Lemma csum_ind U a v : NoDup U -> In a U ->
  csum U (fun x => if pt_eq_dec x a then v else C0) = v.
Proof.
  induction 1 as [|b U Hb HU IH]; [intros []|]. intros [->|Ha]; simpl.
  - destruct (pt_eq_dec a a); [|congruence]. rewrite csum_zero; [ring|].
    intros x Hx. destruct (pt_eq_dec x a); auto. subst; contradiction.
  - destruct (pt_eq_dec b a); [subst; contradiction|]. rewrite IH; auto. ring.
Qed.

Definition psum (U : list pt) (b : pt -> bool) (o : pt) (k : nat) : pt :=
  csum U (fun x => if b x then Cpow (Csub x o) k else C0).

Lemma psum0 U b o : psum U b o 0 = Cr (INR (length (filter b U))).
Proof. unfold psum. simpl. rewrite <- csum_filter, csum_const. ring. Qed.

(* Small integers in C, written so that [ring] sees their values. *)
Notation C2 := (Cadd C1 C1).
Notation C3 := (Cadd C1 C2).
Notation C5 := (Cadd C2 C3).
Notation C10 := (Cadd C5 C5).

Lemma psum_shift2 U b o d :
  psum U b (Cadd o d) 2 =
  Cadd (Csub (psum U b o 2) (Cmul C2 (Cmul d (psum U b o 1))))
       (Cmul (Cpow d 2) (psum U b o 0)).
Proof.
  unfold psum; induction U; cbn [csum]; [ring|].
  destruct (b a); rewrite IHU; cbn [Cpow]; ring.
Qed.

Lemma psum_shift3 U b o d :
  psum U b (Cadd o d) 3 =
  Csub (Cadd (Csub (psum U b o 3) (Cmul C3 (Cmul d (psum U b o 2))))
             (Cmul C3 (Cmul (Cpow d 2) (psum U b o 1))))
       (Cmul (Cpow d 3) (psum U b o 0)).
Proof.
  unfold psum; induction U; cbn [csum]; [ring|].
  destruct (b a); rewrite IHU; cbn [Cpow]; ring.
Qed.

Lemma psum_shift5 U b o d :
  psum U b (Cadd o d) 5 =
  Csub (Cadd (Csub (Cadd (Csub (psum U b o 5) (Cmul C5 (Cmul d (psum U b o 4))))
                         (Cmul C10 (Cmul (Cpow d 2) (psum U b o 3))))
                   (Cmul C10 (Cmul (Cpow d 3) (psum U b o 2))))
             (Cmul C5 (Cmul (Cpow d 4) (psum U b o 1))))
       (Cmul (Cpow d 5) (psum U b o 0)).
Proof.
  unfold psum; induction U; cbn [csum]; [ring|].
  destruct (b a); rewrite IHU; cbn [Cpow]; ring.
Qed.

(** * Power sums and parity of rotationally symmetric multisets *)

Definition symm (L : list pt) (o : pt) (c s : R) : Prop :=
  c^2 + s^2 = 1 /\ (c, s) <> (1, 0) /\
  (forall q, In q L -> In (rot_about o c s q) L) /\
  (forall q, In q L -> mult L (rot_about o c s q) = mult L q).

Definition level (L : list pt) (t : nat) (x : pt) : bool := Nat.leb t (mult L x).

Lemma mult_pos_In L x : (1 <= mult L x)%nat -> In x L.
Proof. intros H. apply (count_occ_In pt_eq_dec). unfold mult in H. lia. Qed.

Lemma In_mult_pos L x : In x L -> (1 <= mult L x)%nat.
Proof. intros H. apply (count_occ_In pt_eq_dec) in H. unfold mult. lia. Qed.

Lemma Permutation_of_incl (A B : list pt) :
  NoDup A -> NoDup B -> incl A B -> (length B <= length A)%nat -> Permutation A B.
Proof.
  intros HA HB Hi Hl. apply NoDup_Permutation; auto. intros x; split; intro H; auto.
  eapply NoDup_length_incl; eauto.
Qed.

(* Each level set of a symmetric multiset is permuted by the rotation
   x - o |-> ω (x - o), ω = c + is, so its k-th power sum about [o] is
   multiplied by ω^k; it vanishes unless ω^k = 1. *)
Lemma psum_level_symm (L U : list pt) o c s t k : NoDup U -> incl L U -> (1 <= t)%nat ->
  symm L o c s -> Cpow (c, s) k <> C1 -> psum U (level L t) o k = C0.
Proof.
  intros HU HLU Ht [Hcs [Hne [H1 H2]]] Hk. unfold psum. rewrite <- csum_filter.
  set (S := filter (level L t) U).
  set (rho := rot_about o c s).
  assert (HS : forall x, In x S <-> In x U /\ (t <= mult L x)%nat).
  { intros x. unfold S, level. rewrite filter_In, Nat.leb_le. tauto. }
  assert (Hp : Permutation (map rho S) S).
  { apply Permutation_of_incl.
    - apply NoDup_map_inj; [intros; eapply rot_inj; eauto| apply NoDup_filter; auto].
    - apply NoDup_filter; auto.
    - intros y Hy. apply in_map_iff in Hy as [x [<- Hx]]. apply HS in Hx as [HxU Hxt].
      assert (HxL : In x L) by (apply mult_pos_In; lia).
      apply HS. split; [apply HLU; apply H1; auto| unfold rho; rewrite H2; auto].
    - rewrite length_map; auto. }
  set (g := fun x => Cpow (Csub x o) k).
  assert (E : csum S g = Cmul (Cpow (c, s) k) (csum S g)).
  { transitivity (csum (map rho S) g); [symmetry; apply csum_perm; auto|].
    rewrite csum_map, <- csum_scal. apply csum_ext. intros x _.
    unfold g, rho. rewrite rot_C, Cpow_mul. auto. }
  assert (E2 : Cmul (Csub C1 (Cpow (c, s) k)) (csum S g) = C0).
  { transitivity (Csub (csum S g) (Cmul (Cpow (c, s) k) (csum S g))); [ring|].
    rewrite <- E. ring. }
  apply Cmul_integral in E2 as [E2|E2]; auto. exfalso. apply Hk.
  transitivity (Csub C1 (Csub C1 (Cpow (c, s) k))); [ring| rewrite E2; ring].
Qed.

● **Directions for this task**
The lines in the listing that include the word "forall" are to be counted; give only that number.

● **Problem solution**
3